The following table shows the results of carrying out the same operation in three different ways. First using traditional VFP macro substitution, then using the evaluate function indirectly (e.g. EVAL( lcFieldName )) and finally using a direct evaluation direct (e.g. EVAL( FIELD( nn )).

Relative performance of macro expansion and name expressions

Test Name	Total Runs	Total Time	Avg (ms)
Macro Substitute for Table Value	107000	14.8230	0.1385
Indirect EVAL() for Table Value	142000	11.6680	0.0822
Direct EVAL() for Table Value	96000	6.4920	0.0676

Macro Substitute for Object Value	1090000	13.7840	0.0126
InDirect EVAL() for Object Value	1040000	8.7900	0.0085
Direct EVAL() for Object Value	1130000	9.1930	0.0081

Macro substitute in LOCATE	1010000	8.1700	0.0081
InDirect EVAL() in LOCATE	1140000	9.1250	0.0080
Direct EVAL() in LOCATE	1140000	9.1980	0.0081

The first thing to note is that there is no intrinsically slow method when considering each approach in isolation (the worst case scenario shows a difference of no more than 0.05 milliseconds between best and worst methodology – hardly detectable!).

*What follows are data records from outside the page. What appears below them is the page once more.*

(* Suppose $\mu>0$ satisfies $\mu/2\le v_{\max}<\mu$, where $v_{\max}$ is the largest value $v_i(S)$ over all bidders $i$ and $S\in\mathcal S_i$. Then the multiplicative price update algorithm with $p_0=\frac{\mu}{4bm}$ and $r=(4bm)^{1/b}$, run on truthful input, outputs an allocation $S$ in which every good is allocated at most $b$ times, and $$v(S)\ge\frac{\mathrm{OPT}}{2(b(r-1)+1)}\ge \frac{\mathrm{OPT}}{O(b\, m^{1/b})}.$$
   Context: Multi-unit combinatorial auction: a set $\mathsf U$ of $m$ goods, each available in $b\ge1$ copies; $n$ bidders, bidder $i$ having a collection $\mathcal S_i$ of $k$ nonempty subsets of $\mathsf U$ and valuation $v_i:\mathcal S_i\to\mathbb R_{\ge0}$, extended to all $T\subseteq\mathsf U$ by $v_i(T)=\max\{v_i(S'):S'\in\mathcal S_i, S'\subseteq T\}$ ($0$ if none). $v(S)=\sum_i v_i(S_i)$ and $\mathrm{OPT}$ is the maximum of $\sum_i v_i(T_i)$ over allocations in which every good belongs to at most $b$ sets. Multiplicative price update algorithm (parameters $p_0,r$): set $p_e^1=p_0$ for all goods $e$; for $i=1,\dots,n$ in a fixed order: let $S_i$ be a set maximizing $v_i(S)$ among $S\in\mathcal S_i$ with $v_i(S)\ge\sum_{e\in S}p_e^i$ ($S_i=\emptyset$ if none); set $p_e^{i+1}=r\,p_e^i$ for $e\in S_i$, $p_e^{i+1}=p_e^i$ otherwise; output $(S_1,\dots,S_n)$. *)

From Stdlib Require Import Reals.
From mathcomp Require Import all_boot.
Set Implicit Arguments. Unset Strict Implicit. Unset Printing Implicit Defensive.

Section Auction.
(* m goods ('I_m), n bidders ('I_n, processed in the order 0,1,...,n-1). *)
Variables (m n : nat).

(* An instance: each bidder i has a collection coll i of subsets of goods and a
   valuation v i (only its values on coll i matter). *)
Variable coll : 'I_n -> {set {set 'I_m}}.
Variable v : 'I_n -> {set 'I_m} -> R.

Definition vext (i : 'I_n) (T : {set 'I_m}) : R :=
  \big[Rmax/R0]_(S' in coll i | S' \subset T) v i S'.

Definition welfare (A : 'I_n -> {set 'I_m}) : R :=
  \big[Rplus/R0]_(i : 'I_n) vext i (A i).

Definition feasible (b : nat) (A : 'I_n -> {set 'I_m}) : Prop :=
  forall e : 'I_m, #|[set i : 'I_n | e \in A i]| <= b.

(* OPT = maximum welfare over feasible allocations (finite max; 0 is attained
   by the empty allocation, and all values are >= 0). *)
Definition OPT (b : nat) : R :=
  \big[Rmax/R0]_(T : {ffun 'I_n -> {set 'I_m}} | [forall e : 'I_m,
      #|[set i : 'I_n | e \in T i]| <= b]) welfare T.

Definition vmax : R := \big[Rmax/R0]_(i : 'I_n) \big[Rmax/R0]_(S in coll i) v i S.

Definition at_nat (A : 'I_n -> {set 'I_m}) (j : nat) : {set 'I_m} :=
  if insub j is Some i then A i else set0.

(* price of good e seen by the bidder with (0-based) index i:
   p^1 = p0 ; p^{i+1}_e = r p^i_e if e in S_i, else p^i_e. *)
Fixpoint price (p0 r : R) (A : 'I_n -> {set 'I_m}) (i : nat) (e : 'I_m) : R :=
  match i with
  | 0 => p0
  | i'.+1 => if e \in at_nat A i' then Rmult r (price p0 r A i' e)
             else price p0 r A i' e
  end.

Definition set_price (p0 r : R) (A : 'I_n -> {set 'I_m}) (i : nat) (S : {set 'I_m}) : R :=
  \big[Rplus/R0]_(e in S) price p0 r A i e.

(* A is an output of the multiplicative price update algorithm with parameters
   p0, r (with any tie-breaking among maximizing sets): for each bidder i, with
   the current prices, S_i is a set of maximum value among the affordable sets
   of S_i (v_i(S) >= sum of prices), or S_i is empty if there is none. *)
Definition mpu_output (p0 r : R) (A : 'I_n -> {set 'I_m}) : Prop :=
  forall i : 'I_n,
    let afford S := Rle (set_price p0 r A i S) (v i S) in
    (A i = set0 /\ (forall S, S \in coll i -> ~ afford S)) \/
    (A i \in coll i /\ afford (A i) /\
     (forall S, S \in coll i -> afford S -> Rle (v i S) (v i (A i)))).

End Auction.

(* The proof is a primal-dual argument on the final prices p = p^(n+1).
   - Prices: the price of a good is p0 r^c after c sales, and serving bidder i
     raises the total price by (r - 1) times what bidder i paid, which is at most
     the value bidder i received; hence sum_e p_e <= m p0 + (r - 1) v(S).
   - Feasibility: once a good is sold b times it costs p0 r^b = mu > v_max, so no
     affordable set contains it again.
   - Weak duality: every set of bidder i is either worth at most v_i(S_i) or
     worth less than its final price, so v_i(T) <= v_i(S_i) + p(T); summing over a
     feasible allocation gives OPT <= v(S) + b sum_e p_e.
   - A bidder with a set of value >= mu/2 forces mu/4 <= (b(r - 1) + 1) v(S), and
     b m p0 = mu/4; together OPT <= 2 (b(r - 1) + 1) v(S).
   - Finally r = (4bm)^(1/b) <= 4 m^(1/b), giving the ratio 8 b m^(1/b). *)

From Pilot Require Import Defs.
From Stdlib Require Import Reals Lra.
From mathcomp Require Import all_boot.
From HB Require Import structures.
Set Implicit Arguments. Unset Strict Implicit. Unset Printing Implicit Defensive.

(* Real addition as a commutative monoid, so that MathComp's generic bigop
   lemmas apply to the sums \big[Rplus/R0] used in the definitions. *)
HB.instance Definition _ := Monoid.isComLaw.Build R R0 Rplus
  (fun x y z => esym (Rplus_assoc x y z)) Rplus_comm Rplus_0_l.

Local Open Scope R_scope.

Section RealBigops.
Variable I : Type.
Implicit Types (s : seq I) (P : pred I) (F G : I -> R).

Lemma sumR_le s P F G :
  (forall i, P i -> F i <= G i) ->
  \big[Rplus/R0]_(i <- s | P i) F i <= \big[Rplus/R0]_(i <- s | P i) G i.
Proof. by move=> FG; apply: (big_ind2 Rle) => //; [lra | move=> *; lra]. Qed.

Lemma sumR_ge0 s P F :
  (forall i, P i -> 0 <= F i) -> 0 <= \big[Rplus/R0]_(i <- s | P i) F i.
Proof. by move=> F0; apply: (big_ind (Rle 0)) => //; [lra | move=> *; lra]. Qed.

Lemma sumR_scale s P F c :
  \big[Rplus/R0]_(i <- s | P i) (c * F i) = c * \big[Rplus/R0]_(i <- s | P i) F i.
Proof.
by rewrite (big_morph (Rmult c) (id1 := 0) (op1 := Rplus)) //;
  [move=> x y; ring | ring].
Qed.

Lemma maxR_ge0 s P F : 0 <= \big[Rmax/R0]_(i <- s | P i) F i.
Proof.
apply: (big_rec (Rle 0)); first lra.
by move=> i x _ x0; apply: Rle_trans (Rmax_r _ _).
Qed.

Lemma maxR_le s P F y :
  0 <= y -> (forall i, P i -> F i <= y) -> \big[Rmax/R0]_(i <- s | P i) F i <= y.
Proof. by move=> y0 Fy; apply: (big_ind (fun x => x <= y)) => // *; apply: Rmax_lub. Qed.

Lemma maxR_witness s P F y :
  0 < y -> y <= \big[Rmax/R0]_(i <- s | P i) F i -> exists i, P i /\ y <= F i.
Proof.
move=> y0; apply: (big_rec (fun x => y <= x -> exists i, P i /\ y <= F i)).
  lra.
by move=> i x Pi IH; rewrite /Rmax; case: Rle_dec => _ // le_y; exists i.
Qed.
End RealBigops.

Section FiniteSums.
Variable I : finType.

Lemma sumR_term (P : pred I) (F : I -> R) j :
  (forall i, 0 <= F i) -> P j -> F j <= \big[Rplus/R0]_(i | P i) F i.
Proof.
move=> F0 Pj; rewrite (bigD1 j) //=.
suff : 0 <= \big[Rplus/R0]_(i | P i && (i != j)) F i by lra.
by apply: sumR_ge0.
Qed.

Lemma sumR_subset (P Q : pred I) (F : I -> R) :
  (forall i, 0 <= F i) -> (forall i, P i -> Q i) ->
  \big[Rplus/R0]_(i | P i) F i <= \big[Rplus/R0]_(i | Q i) F i.
Proof.
move=> F0 PQ; rewrite (big_mkcond P) (big_mkcond Q); apply: sumR_le => i _.
by case: ifP => [/PQ -> | _]; [lra | case: ifP => _; [exact: F0 | lra]].
Qed.

Lemma maxR_ge (P : pred I) (F : I -> R) j : P j -> F j <= \big[Rmax/R0]_(i | P i) F i.
Proof.
have : j \in index_enum I by exact: mem_index_enum.
elim: (index_enum I) => [|k s IH] //; rewrite in_cons big_cons => /orP [/eqP <- -> | js Pj].
  exact: Rmax_l.
have := IH js Pj; case: ifP => _ // le_j; exact: Rle_trans le_j (Rmax_r _ _).
Qed.

Lemma sumR_const (P : pred I) c : \big[Rplus/R0]_(i | P i) c = INR #|P| * c.
Proof.
rewrite -sum1_card (big_morph INR (id1 := 0) (op1 := Rplus) plus_INR) //.
by rewrite Rmult_comm -sumR_scale; apply: eq_bigr => i _ /=; ring.
Qed.
End FiniteSums.

(* This is the step from a feasible allocation to the dual objective. *)
Lemma load_bound (m n b : nat) (T : 'I_n -> {set 'I_m}) (q : 'I_m -> R) :
  (forall e, 0 <= q e) -> (forall e, #|[set i | e \in T i]| <= b)%N ->
  \big[Rplus/R0]_(i : 'I_n) \big[Rplus/R0]_(e in T i) q e <=
  INR b * \big[Rplus/R0]_(e : 'I_m) q e.
Proof.
move=> q0 loadT.
under eq_bigr do rewrite big_mkcond.
rewrite exchange_big -sumR_scale; apply: sumR_le => e _.
rewrite -big_mkcondr sumR_const Rmult_comm [X in _ <= X]Rmult_comm.
apply: Rmult_le_compat_l; first exact: q0.
by apply/le_INR/leP; move: (loadT e); rewrite cardsE.
Qed.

However, when being executed repeatedly (inside a tight loop for example), it is clear that EVAL() has a significant performance advantage when dealing with either data tables or objects and so the perceived wisdom that EVAL() is faster than &expansion is obviously well founded.

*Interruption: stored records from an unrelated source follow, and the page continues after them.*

Lemma g_add : {morph g : a b / a + b}.
Proof.
move=> a b.
have [-> | a0] := eqVneq a 0; first by rewrite g0 !add0r.
have [-> | b0] := eqVneq b 0; first by rewrite g0 !addr0.
have [/eqP | ab0] := eqVneq (a + b) 0.
  by rewrite addr_eq0 => /eqP ->; rewrite addNr g_opp g0 addNr.
have [aa | aa0] := eqVneq (a + a) 0; first exact: g_add_order2.
have [bb | bb0] := eqVneq (b + b) 0.
  by rewrite addrC g_add_order2 1?addrC.
have [cc | cc0] := eqVneq ((a + b) + (a + b)) 0.
  have ma0 : - a != 0 by rewrite oppr_eq0.
  have := g_add_order2 cc ab0 ma0; rewrite addrC addKr g_opp => /(_ b0) ->.
  by rewrite subrKC.
apply: g_add_of_mem => //.
have [Sab | nSab] := boolP (stable (P0add (P0pair a) (P0pair b)) (a + b)).
  exact: mem_f_stable.
apply: mem_f_aperiodic cc0; first exact: aperiodic_pairs.
by rewrite mem_P0add_pairs eqxx !orbT.
Qed.
End PairPreservingAutomorphism.

Lemma pullback_pairE (G : finZmodType) (f : P0 G -> P0 G) g :
  f (P0unit G) = P0unit G -> pullback f g -> forall a, f (P0pair a) = P0pair (g a).
Proof.
move=> f1 [g0 fg] a; have [-> | a0] := eqVneq a 0; first by rewrite g0 P0pair0 f1.
by apply: val_inj; rewrite /= fg.
Qed.

Theorem proposition2p6 (G : finZmodType) (f : P0 G -> P0 G) (g : G -> G) :
  P0_automorphism f -> pullback f g -> group_automorphism g.
Proof.
move=> [f_bij [f_add f_unit]] pb; have f_pair := pullback_pairE f_unit pb.
split; first exact: g_bij f_bij f_pair.
exact: g_add f_bij f_add pb.1 f_pair.
Qed.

Interestingly there is little detectable difference between using direct and indirect evaluation and my personal preference, if only for improving readability of the code, is therefore to use the Indirect method. In other words, I will accept (the very small) performance hit to retain code like this:

lcField = FIELD( lnCnt )
luVal = EVALUATE( lcField )

in preference to the less obvious:

luVal = EVALUATE( FIELD( lnCnt ))

The main conclusion is, therefore, that there is no benefit in using macro substitution when EVAL() is available as an option. A secondary point to note is that as the number of repetitions increases the difference rapidly becomes significant and that EVAL() should always be used when processing repetitively.

Conditional Evaluation

When it comes to evaluating some condition and switching control depending on the result, VFP 9.0 has almost an embarrassment of riches. We now have four different ways of evaluating some condition ranging from the traditional IF…THEN…ELSE, through the IIF() function, the DO CASE…ENDCASE statement and finally the new ICASE() function. The question is, therefore, does it matter which we use in any given situation? The speed of execution of these commands was compared using a standardized multiple level test in the general form:

IF lnTest = 1
  lnRes = 1
ELSE
  IF lnTest = 2
    lnRes = 2
  ELSE
    IF lnTest = 3
      lnRes = 3
    ELSE
      lnRes = 4
    ENDIF
  ENDIF
ENDIF

Relative performance of conditional testing

Test Name	Total Runs	Total Time	Avg (sec)
DO CASE Level 1	282000	0.6910	0.0025
DO CASE Level 2	242000	0.7600	0.0031
DO CASE Level 3	275000	1.1820	0.0043
DO CASE Otherwise	247000	0.9900	0.0040

ICASE Level 1	313000	0.4020	0.0013
ICASE Level 2	281000	0.4210	0.0015
ICASE Level 3	300000	0.5610	0.0019
ICASE Otherwise	302000	0.5300	0.0018

IF ELSE Level 1	203000	0.3100	0.0015
IF ELSE Level 2	235000	0.6430	0.0027
IF ELSE Level 3	213000	0.7610	0.0036
IF ELSE Otherwise	227000	0.8510	0.0037

IIF Level 1	213000	0.2700	0.0013
IIF Level 2	236000	0.4240	0.0018
IIF Level 3	209000	0.4200	0.0020
IIF Otherwise	222000	0.5100	0.0023

Level 2 of nested DO CASE inside DO CASE	67000	0.4300	0.0064
Level 2 of nested IF…ELSE inside IF…ELSE	56000	0.1400	0.0025

Once again the first thing to note is that nothing here is exactly slow. However there are some differences and a couple of anomalies that are worth noting.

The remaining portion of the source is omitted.